А вообще истинное почитание прасада действительно происходит именно в умонастроении преданного. И замечательная фраза одного христианского святого "чистому все чисто" подходит тут как нельзя кстати. А все эти совершенно не нужные "разборы полетов" ложек и вилок-от лукавого)))

----------


## Кевала даси

> А все эти совершенно не нужные "разборы полетов" ложек и вилок-от лукавого)))


100%!

----------


## Raja Kumari dasi

*Его Святейшество Бхактивидья Пурна Свами* 
_Семинар по Вайшнавскому этикету и культуре, 1998_ 


"...Господь Чайтанья  хотел, чтобы  проповедь распространилась по всему миру. И мы видим, что Ачарьи последовали этому наставлению и стали воплощать его самыми изумительными, необычными способами. Каждый по-разному. Нароттама дас Тхакур – через свои песни, Бхактивинода Тхакур стал известен за свой огромный вклад в восстановлении наследия вайшнавской традиции, Бхактисиддхантха Сарасвати Тхакур развил проповедническую систему Гаудия-миссии. А Шрила Прабхупада взял многие его наставления и распространил по всему миру очень необычным способом, сохранив правильное умонастроение и суть Ведической  культуры, несмотря на то, что она была внедрена в другую культуру с другими ценностями и взглядами. Однажды Шрила Прабхупада разговаривал с одним из своих духовных братьев, уехавшим на запад, и он сказал ему: "Когда вы приедете туда, вам придется научиться носить костюм и галстук, есть вилкой и ножом и еще много чему". На что Прабхупада ответил: "Нет, я поеду туда, чтобы научить их носить дхоти и сари и есть руками".  

___________________

Женщина: Как  видим... многие находятся под влиянием местной культуры... В Африке своя африканская кухня, в других странах паста и пицца... Хорошо ли это или все должно быть традиционное?

ОТВЕТ: 

Здесь два момента. Нужно учитывать главный принцип: всегда воспевать мантру Харе Кришна, предлагать бхогу Кришне и принимать остатки пищи от Него. Нужно заниматься какой-нибудь деятельностью ради Кришны. Это главный, центральный принцип. До тех пор, пока ему будут следовать, будет продвижение. Даже если  кто-то танцует в стиле традиционного африканского племени или готовит блюда местной кухни. Пока это будет выполняться в таком умонастроении, вы будете продвигаться. Это не плохо, хотя это скорее можно применить к ситуации, когда вы живете за пределами храма. Потому что за пределами храма вы больше под влиянием своей обусловленной природы и своего окружения. Это вопрос  больше отдельного человека, насколько он способен создать определенные условия. По крайней мере, человек начинает с того, что он знает. И постепенно очищается, предлагая все Кришне. В этом случае, если храм при этом организован совершенным образом, это хорошо.

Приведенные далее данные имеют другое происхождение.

(* Let $F$ be a Henselian discretely valued field with residue field $\kappa$ and completion $\hat{F}$. Let $L_1,\dots,L_m$ be finite separable field extensions of $F$ with $[L_i:F]=n_i$, where $\mathrm{char}(\kappa)$ does not divide $n_i$ and $F$ contains a primitive $n_i^2$-th root of unity, for all $1\le i\le m$. Let $L=\prod_{i=1}^m L_i$. Then the natural map $T_{L/F}(F)\to T_{L/F}(\hat{F})/R$ is surjective.
   Context: The multinorm torus $T_{L/F}$ is the kernel of $\prod_{i} R_{L_i/F}\mathbb{G}_m\to\mathbb{G}_m$, $(x_i)\mapsto\prod_i N_{L_i/F}(x_i)$. For a torus $T$ over $F$ and a field extension $M/F$, $T(M)/R$ is the quotient of $T(M)$ by the subgroup of elements $R$-equivalent to the identity, $R$-equivalence being generated by: $x_0\sim x_1$ if some $M$-rational map $f:\mathbb{P}^1\dashrightarrow T$ satisfies $f(0)=x_0$, $f(1)=x_1$. *)

From HB Require Import structures.
From mathcomp Require Import all_boot all_order all_algebra all_field.
From Stdlib Require Import Relations.
Set Implicit Arguments. Unset Strict Implicit. Unset Printing Implicit Defensive.
Import Order.TTheory GRing.Theory Num.Theory.
Local Open Scope ring_scope.

(* v x is only meaningful for x != 0 (v 0 = +oo by convention). *)
Definition is_dvaluation (K : fieldType) (v : K -> int) : Prop :=
  [/\ forall x y : K, x != 0 -> y != 0 -> v (x * y) = v x + v y,
      forall x y : K, x != 0 -> y != 0 -> x + y != 0 ->
        Num.min (v x) (v y) <= v (x + y)
    & exists pi : K, pi != 0 /\ v pi = 1].

Definition vint (K : fieldType) (v : K -> int) (x : K) : bool :=
  (x == 0) || (0 <= v x).
Definition vmax (K : fieldType) (v : K -> int) (x : K) : bool :=
  (x == 0) || (0 < v x).
Definition vge (K : fieldType) (v : K -> int) (N : int) (x : K) : bool :=
  (x == 0) || (N <= v x).

Definition henselian (K : fieldType) (v : K -> int) : Prop :=
  forall (p : {poly K}) (a : K),
    p \is monic -> (forall i, vint v p`_i) -> vint v a ->
    vmax v p.[a] -> ~~ vmax v (p^`()).[a] ->
    exists b : K, root p b /\ vmax v (b - a).

(* char of the residue field does not divide n  <=>  n is a unit in O_v *)
Definition resid_char_ndiv (K : fieldType) (v : K -> int) (n : nat) : Prop :=
  (n%:R : K) != 0 /\ v (n%:R) = 0.

Definition is_completion (F Fh : fieldType) (v : F -> int)
    (iota : {rmorphism F -> Fh}) (vh : Fh -> int) : Prop :=
  [/\ is_dvaluation vh,
      forall x : F, x != 0 -> vh (iota x) = v x,
      forall s : nat -> Fh,
        (forall N : int, exists k, forall i j, (k <= i)%N -> (k <= j)%N ->
            vge vh N (s i - s j)) ->
        exists l : Fh, forall N : int, exists k, forall i, (k <= i)%N ->
            vge vh N (s i - l)
    &
      forall (x : Fh) (N : int), exists y : F, vge vh N (iota y - x)].

Section Torus.
Variable F : fieldType.

Definition mulcoef (L : fieldExtType F) (k i j : 'I_(\dim {:L})) : F :=
  coord (vbasis {:L}) j (tnth (vbasis {:L}) k * tnth (vbasis {:L}) i).

(* For an F-algebra A (structure map phi) and x in L (x)_F A given by its
   coordinates x : 'rV[A]_n, the norm N_{L(x)A / A}(x) = det(mult. by x). *)
Definition normA (A : comRingType) (phi : F -> A) (L : fieldExtType F)
    (x : 'rV[A]_(\dim {:L})) : A :=
  \det (\matrix_(i, j) \sum_k x 0 k * phi (mulcoef k i j)).

(* A-points of T_{L/F}, L = prod_i L_i : tuples with prod of norms = 1
   (this forces each coordinate to be a unit of L_i (x) A). *)
Definition pts (m : nat) (L : 'I_m -> fieldExtType F) (A : Type) : Type :=
  forall i : 'I_m, 'rV[A]_(\dim {:L i}).

Definition inT (m : nat) (L : 'I_m -> fieldExtType F) (A : comRingType)
    (phi : F -> A) (x : pts L A) : Prop :=
  \prod_(i < m) normA phi (x i) = 1.

(* Elementary R-link over a field M (an F-algebra via iota): there is an
   M-rational map f : P^1 --> T defined at 0 and 1 with f(0)=x0, f(1)=x1.
   Such f is a point of T(O), O = local ring of M[t] at {0,1}; we write its
   coordinates with a common denominator q (q(0), q(1) <> 0), numerators P;
   the condition prod_i N(P_i/q) = 1 reads prod_i N(P_i) = q^(sum_i n_i). *)
Definition Rlink (m : nat) (L : 'I_m -> fieldExtType F) (M : fieldType)
    (iota : {rmorphism F -> M}) (x0 x1 : pts L M) : Prop :=
  exists (q : {poly M}) (P : pts L {poly M}),
    [/\ q.[0] != 0, q.[1] != 0,
        \prod_(i < m) normA (fun a => (iota a)%:P) (P i)
          = q ^+ (\sum_(i < m) \dim {:L i}),
        forall i k, (P i 0 k).[0] / q.[0] = x0 i 0 k
      & forall i k, (P i 0 k).[1] / q.[1] = x1 i 0 k].

Definition Requiv (m : nat) (L : 'I_m -> fieldExtType F) (M : fieldType)
    (iota : {rmorphism F -> M}) : relation (pts L M) :=
  clos_refl_sym_trans _ (Rlink iota).

End Torus.

(* Write x = (x_i) with x_i in L_i (x) F^ and let n = [L_1 : F].  As F is dense
   in F^, x_i^-1 is approximated by some r_i in L_i; then x_i r_i is close to 1,
   so it has an n-th root 1 + e_i in L_i (x) F^ (n is a unit, and F^ is complete).
   Hence x_i = u_i (1 + e_i)^n with u_i = r_i^-1 in L_i.  The scalar
   S = prod_i N(1 + e_i) is close to 1 and S^n = (prod_i N(u_i))^-1 lies in F, so
   by Hensel's lemma and the n-th roots of unity of F, S itself lies in F.  Finally
     t |-> ((S / s(t)) u_1 (1 + t e_1)^n, u_2 (1 + t e_2)^n, ..., u_m (1 + t e_m)^n),
   where s(t) = prod_i N(1 + t e_i), is a rational curve on T over F^ joining the
   F-point (S u_1, u_2, ..., u_m) at t = 0 to x at t = 1. *)

From HB Require Import structures.
From mathcomp Require Import all_boot all_order all_algebra all_field.
From Stdlib Require Import Relations.
From mathcomp Require Import zify ring.
Import Order.TTheory GRing.Theory Num.Theory.
Local Open Scope ring_scope.

Set Implicit Arguments. Unset Strict Implicit. Unset Printing Implicit Defensive.

Section StructureConstants.
Variables (F : fieldType) (L : fieldExtType F).
Local Notation d := (\dim {:L}).
Local Notation b k := (tnth (vbasis {:L}) k).

Definition vbasis_mulmx (k : 'I_d) : 'M[F]_d := \matrix_(i, j) mulcoef k i j.
Definition coord1 : 'rV[F]_d := \row_j coord (vbasis {:L}) j 1.

Lemma mulcoefC k i j : mulcoef (L:=L) k i j = mulcoef i k j.
Proof. by rewrite /mulcoef mulrC. Qed.

Lemma coord_mul_vbasis (x y : L) q :
  coord (vbasis {:L}) q (x * y) =
  \sum_l coord (vbasis {:L}) l y * coord (vbasis {:L}) q (x * b l).
Proof.
rewrite {1}(coord_vbasis (memvf y)) mulr_sumr linear_sum; apply: eq_bigr => l _.
by rewrite -scalerAr linearZ /= (tnth_nth 0).
Qed.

Это объясняет Сатьябхама... Джагадананда Пандит это объясняет. В начале мы делаем что-то для Кришны. Не необязательно мы выбираем то, что напрямую исходит от Кришны. Мы выбираем то, что нам самим нравится. Например, в начале нам могут нравиться определенные вещи, и мы предлагаем их Кришне. Потому что принцип в том, чтобы предлагать все лучшее Кришне. Для нас пицца и макароны могут быть самой лучшей пищей. В Африке, например, есть много видов бобов, которые считаются лучшей пищей. Т.е. то, что мы считаем лучшим , мы предлагаем Кришне. Таков принцип. Санатана Госвами  упоминал об этом. Кто-то может предлагать божествам лучшее из местной кухни, т.к. все это ценят, все этим восхищаются и думают, что это большое достояние. Эта стадия называется _аропья бхакти_, когда вы навязываете свой взгляд на процесс преданного служения. Если я люблю макароны, значит это самое лучшее. И поэтому я предлагаю их Кришне. И Кришна принимает их - потому что мы делаем попытку сделать что-то приятное для Кришны. Но со временем, когда мы больше очистимся, мы придем к пониманию, что Кришна тоже личность - и теперь я служу Ему. Поэтому надо выяснить, что же Он на самом деле любит есть и это предложить Ему. А не то, что нравится мне.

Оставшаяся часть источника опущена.